(Beginning of Given information)
(* Let $P$ be a valid path, let $V_P$ be the revenue computed by \textsc{MaxRev}$(P)$, and suppose $V_P<\frac{1}{\alpha(m_T^P)}B(P)$. Then at least one of the two paths $P'\in\{P_1,P_2\}$ returned by \textsc{TollPartition} applied to $P$ satisfies $$\frac{1}{\alpha(m_T^{P'})}B(P')\ \ge\ \frac{1}{\alpha(m_T^P)}B(P).$$
   Context: Setting: $G=(V,A)$ is a directed multigraph with $A=A_T\cup A_U$ partitioned into toll arcs and toll-free arcs, fixed costs $c:A_T\to\mathbf{N}$, $d:A_U\to\mathbf{N}$, and vertices $s,t$ such that there is an $s$–$t$ path using only toll-free arcs. Under a nonnegative toll vector $T$ a toll arc $e$ costs $c(e)+T(e)$ and a toll-free arc costs $d(e)$; path length is the sum of arc costs. $\mathcal{N}_T(P)$ is the network with all toll arcs not on $P$ deleted. An $s$–$t$ path $P$ is valid if it contains $m_T^P\ge1$ toll arcs and is a shortest $s$–$t$ path in $\mathcal{N}_0(P)$. For a path $P$ with toll arcs $\tau_1,\dots,\tau_m$ (in traversal order, $m=m_T^P$), set $\mathrm{TERM}(\tau_0)=s$, $\mathrm{INIT}(\tau_{m+1})=t$; $\mathcal{U}_{i,j}$ ($0\le i<j\le m+1$) is the length of a shortest toll-free path from $\mathrm{TERM}(\tau_i)$ to $\mathrm{INIT}(\tau_j)$ ($+\infty$ if none), $\upsilon_{i,j}$ is such a path, and $\mathcal{L}_{k,l}=\sum_{i=k}^{l-1}\mathcal{U}_{i,i+1}+\sum_{i=k+1}^{l-1}c(\tau_i)$. Let $\mathcal{L}_\infty$ be the length of a shortest toll-free $s$–$t$ path and $\mathcal{L}(P)$ the length of $P$ with all tolls zero; $B(P)=\mathcal{L}_\infty-\mathcal{L}(P)$. Define $\alpha(1)=1$ and, for $k\ge2$, $\alpha(k)=\frac12\max\{1+\alpha(i)+\alpha(j):\ 0<i\le j<k,\ i+j\le k\}$. \textsc{MaxRev}$(P)$: set $k:=1$; while $k<m+1$: compute $t_k=\min_{0\le i<k<j\le m+1}\{\mathcal{U}_{i,j}-\mathcal{L}_{i,j}-\sum_{l=i+1}^{k-1}t_l\}$, let $(i'(k),j'(k))$ be the minimizing pair (ties broken by largest $j$, then smallest $i$), set $t_l:=0$ and $(i'(l),j'(l)):=(i'(k),j'(k))$ for all $k<l<j'(k)$, and set $k:=j'(k)$. Output tolls $T(\tau_k)=t_k$ on $P$ ($+\infty$ off $P$), revenue $V_P=\sum_{k=1}^m t_k$, and pairs $(i'(k),j'(k))_{k=1}^m$. \textsc{TollPartition}$(P)$: starting from $l:=m$, repeatedly record the pair $(i'(l),j'(l))$ and set $l:=i'(l)$ until $l=0$; let $q$ be the number of recorded pairs and let $(i(1),j(1)),\dots,(i(q),j(q))$ be the recorded pairs in reverse order of recording (so $i(1)=0$, $j(q)=m+1$). $P_1$ is the $s$–$t$ path that uses $\upsilon_{i(h),j(h)}$ for all odd $h$ and follows $P$ in between (from $\mathrm{INIT}(\tau_{j(h)})$ to $\mathrm{TERM}(\tau_{i(h+2)})$, from $s$ to $\mathrm{TERM}(\tau_{i(h)})$ before the first, and from $\mathrm{INIT}(\tau_{j(h)})$ to $t$ after the last); $P_2$ is constructed in the same way from the even indices $h$. *)

From Stdlib Require Import ClassicalEpsilon.
From mathcomp Require Import all_boot all_order all_algebra.
Set Implicit Arguments. Unset Strict Implicit. Unset Printing Implicit Defensive.
Import Order.TTheory GRing.Theory Num.Theory.

(* Directed multigraph: vertices V, arcs A, arc a goes from src a to tgt a.
   toll a = true iff a is a toll arc (A_T); otherwise a is toll-free (A_U).
   w gives the fixed cost: w = c on toll arcs, w = d on toll-free arcs. *)
Section Network.
Variables (V A : finType) (src tgt : A -> V) (toll : pred A) (w : A -> nat)
          (s t : V).

Fixpoint walk (x y : V) (p : seq A) : bool :=
  if p is a :: p' then (src a == x) && walk (tgt a) y p' else x == y.

Definition spath (x y : V) (p : seq A) : bool :=
  walk x y p && uniq (x :: map tgt p).

Definition cost (p : seq A) : nat := (\sum_(a <- p) w a)%N.

Definition toll_free (p : seq A) : bool := all (fun a => ~~ toll a) p.

Definition tf_rel : rel V :=
  fun u v => [exists a, [&& ~~ toll a, src a == u & tgt a == v]].
Definition tf_reach (x y : V) : bool := connect tf_rel x y.

Definition is_tf_dist (x y : V) (n : nat) : Prop :=
  (exists p, [/\ spath x y p, toll_free p & cost p = n]) /\
  (forall p, spath x y p -> toll_free p -> n <= cost p).

(* length of a shortest toll-free path from x to y (meaningful when
   tf_reach x y holds; otherwise the value +oo is represented by an
   unspecified number and never used) *)
Definition tf_dist (x y : V) : nat := epsilon (inhabits 0%N) (is_tf_dist x y).

Definition L_inf : nat := tf_dist s t.

Definition mT (p : seq A) : nat := count toll p.

Definition Bp (p : seq A) : int := (L_inf%:Z - (cost p)%:Z)%R.

(* valid path: an s-t path with >= 1 toll arc which is a shortest s-t path
   in N_0(P) (toll arcs not on P deleted, tolls zero) *)
Definition valid (P : seq A) : Prop :=
  [/\ spath s t P, (0 < mT P)%N &
      forall q, spath s t q -> all (fun a => ~~ toll a || (a \in P)) q ->
        cost P <= cost q].

Section OnPath.
Variable P : seq A.

Definition taus : seq A := filter toll P.
Definition mP : nat := size taus.

Definition TERM (i : nat) : V :=
  if i is k.+1 then nth s (map tgt taus) k else s.
(* INIT(tau_j), with INIT(tau_{m+1}) = t *)
Definition INIT (j : nat) : V :=
  if j is k.+1 then nth t (map src taus) k else t.
Definition ctau (i : nat) : nat :=
  if i is k.+1 then nth 0%N (map w taus) k else 0%N.

Definition Ufin (i j : nat) : bool := tf_reach (TERM i) (INIT j).
Definition U (i j : nat) : nat := tf_dist (TERM i) (INIT j).
Definition LL (i j : nat) : nat :=
  (\sum_(i <= l < j) U l l.+1 + \sum_(i.+1 <= l < j) ctau l)%N.

(* ts = [:: t_1; ...; t_(k-1)] (t_l stored at index l-1) *)
Definition mr_val (ts : seq int) (k : nat) (p : nat * nat) : int :=
  ((U p.1 p.2)%:Z - (LL p.1 p.2)%:Z
     - \sum_(p.1 <= l < k.-1) nth 0 ts l)%R.

Definition mr_better (ts : seq int) (k : nat) (p b : nat * nat) : bool :=
  (mr_val ts k p < mr_val ts k b)%R
  || ((mr_val ts k p == mr_val ts k b)
      && ((b.2 < p.2) || ((p.2 == b.2) && (p.1 < b.1)))).

(* pairs 0 <= i < k < j <= m+1 with U_{i,j} finite (pairs with
   U_{i,j} = +oo can never attain the minimum, as U_{0,m+1} < +oo) *)
Definition mr_cands (k : nat) : seq (nat * nat) :=
  [seq ij <- [seq (i, j) | i <- iota 0 k, j <- iota k.+1 (mP.+1 - k)]
     | Ufin ij.1 ij.2].

Definition mr_best (ts : seq int) (k : nat) : nat * nat :=
  foldl (fun b p => if mr_better ts k p b then p else b) (0%N, mP.+1)
        (mr_cands k).

(* one run of the while loop, with fuel; returns ([t_1..], [(i'(1),j'(1));..]) *)
Fixpoint mr_loop (fuel k : nat) (ts : seq int) (prs : seq (nat * nat))
  : seq int * seq (nat * nat) :=
  if fuel is fuel'.+1 then
    if (k < mP.+1)%N then
      let p := mr_best ts k in
      let tk := mr_val ts k p in
      mr_loop fuel' p.2 (ts ++ tk :: nseq (p.2 - k.+1) 0%R)
              (prs ++ nseq (p.2 - k) p)
    else (ts, prs)
  else (ts, prs).

Definition MaxRev : seq int * seq (nat * nat) := mr_loop mP.+1 1 [::] [::].
Definition tolls : seq int := MaxRev.1.
Definition mr_pairs : seq (nat * nat) := MaxRev.2.
Definition VP : int := (\sum_(x <- tolls) x)%R.

(* recorded pairs, in reverse order of recording *)
Fixpoint tp_loop (fuel l : nat) : seq (nat * nat) :=
  if fuel is f.+1 then
    if l is 0 then [::]
    else let p := nth (0%N, 0%N) mr_pairs l.-1 in rcons (tp_loop f p.1) p
  else [::].
Definition TP : seq (nat * nat) := tp_loop mP.+1 mP.

Definition tpos : seq nat :=
  [seq i <- iota 0 (size P) | nth false (map toll P) i].
(* number of arcs of P before INIT(tau_k) (k = 0: start; k = m+1: all) *)
Definition before (k : nat) : nat :=
  if k is k'.+1 then nth (size P) tpos k' else 0%N.
(* number of arcs of P up to TERM(tau_i) *)
Definition upto (i : nat) : nat :=
  if i is k.+1 then (nth 0%N tpos k).+1 else 0%N.

Variable ups : nat -> nat -> seq A.

Fixpoint build (start : nat) (L : seq (nat * nat)) : seq A :=
  if L is (i, j) :: L' then
    drop (before start) (take (upto i) P) ++ ups i j ++ build j L'
  else drop (before start) P.

(* P_1 uses the pairs with odd h (0-based even index), P_2 even h *)
Definition P1 : seq A :=
  build 0 [seq nth (0%N, 0%N) TP h | h <- iota 0 (size TP) & ~~ odd h].
Definition P2 : seq A :=
  build 0 [seq nth (0%N, 0%N) TP h | h <- iota 0 (size TP) & odd h].

End OnPath.
End Network.

(* alpha(k) from the list l = [alpha(0); ...; alpha(k-1)] *)
Definition alpha_next (l : seq rat) (k : nat) : rat :=
  if k == 1%N then 1%R
  else (2%:R^-1 * \big[Num.max/0%R]_(i < k) \big[Num.max/0%R]_(j < k
          | [&& (0 < i)%N, (i <= j)%N & (i + j <= k)%N])
          (1 + nth 0 l i + nth 0 l j))%R.

(* [alpha(0); ...; alpha(n)] ; alpha(0) := 0 is a dummy value *)
Fixpoint alpha_list (n : nat) : seq rat :=
  if n is n'.+1 then let l := alpha_list n' in rcons l (alpha_next l n)
  else [:: 0%R].

Definition alpha (k : nat) : rat := nth 0%R (alpha_list k) k.

From mathcomp Require Import all_boot all_order all_algebra.
From mathcomp Require Import zify ring lra.
From Stdlib Require Import Classical ClassicalEpsilon.
Set Implicit Arguments. Unset Strict Implicit. Unset Printing Implicit Defensive.
Import Order.TTheory GRing.Theory Num.Theory.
(End of Given information)
Looking at the data above, return every line from the one with "if i is k.+1 then nth 0%N" down to the one with "Definition mr_cands (k", exactly and inclusively.

  if i is k.+1 then nth 0%N (map w taus) k else 0%N.

Definition Ufin (i j : nat) : bool := tf_reach (TERM i) (INIT j).
Definition U (i j : nat) : nat := tf_dist (TERM i) (INIT j).
Definition LL (i j : nat) : nat :=
  (\sum_(i <= l < j) U l l.+1 + \sum_(i.+1 <= l < j) ctau l)%N.

(* ts = [:: t_1; ...; t_(k-1)] (t_l stored at index l-1) *)
Definition mr_val (ts : seq int) (k : nat) (p : nat * nat) : int :=
  ((U p.1 p.2)%:Z - (LL p.1 p.2)%:Z
     - \sum_(p.1 <= l < k.-1) nth 0 ts l)%R.

Definition mr_better (ts : seq int) (k : nat) (p b : nat * nat) : bool :=
  (mr_val ts k p < mr_val ts k b)%R
  || ((mr_val ts k p == mr_val ts k b)
      && ((b.2 < p.2) || ((p.2 == b.2) && (p.1 < b.1)))).

(* pairs 0 <= i < k < j <= m+1 with U_{i,j} finite (pairs with
   U_{i,j} = +oo can never attain the minimum, as U_{0,m+1} < +oo) *)
Definition mr_cands (k : nat) : seq (nat * nat) :=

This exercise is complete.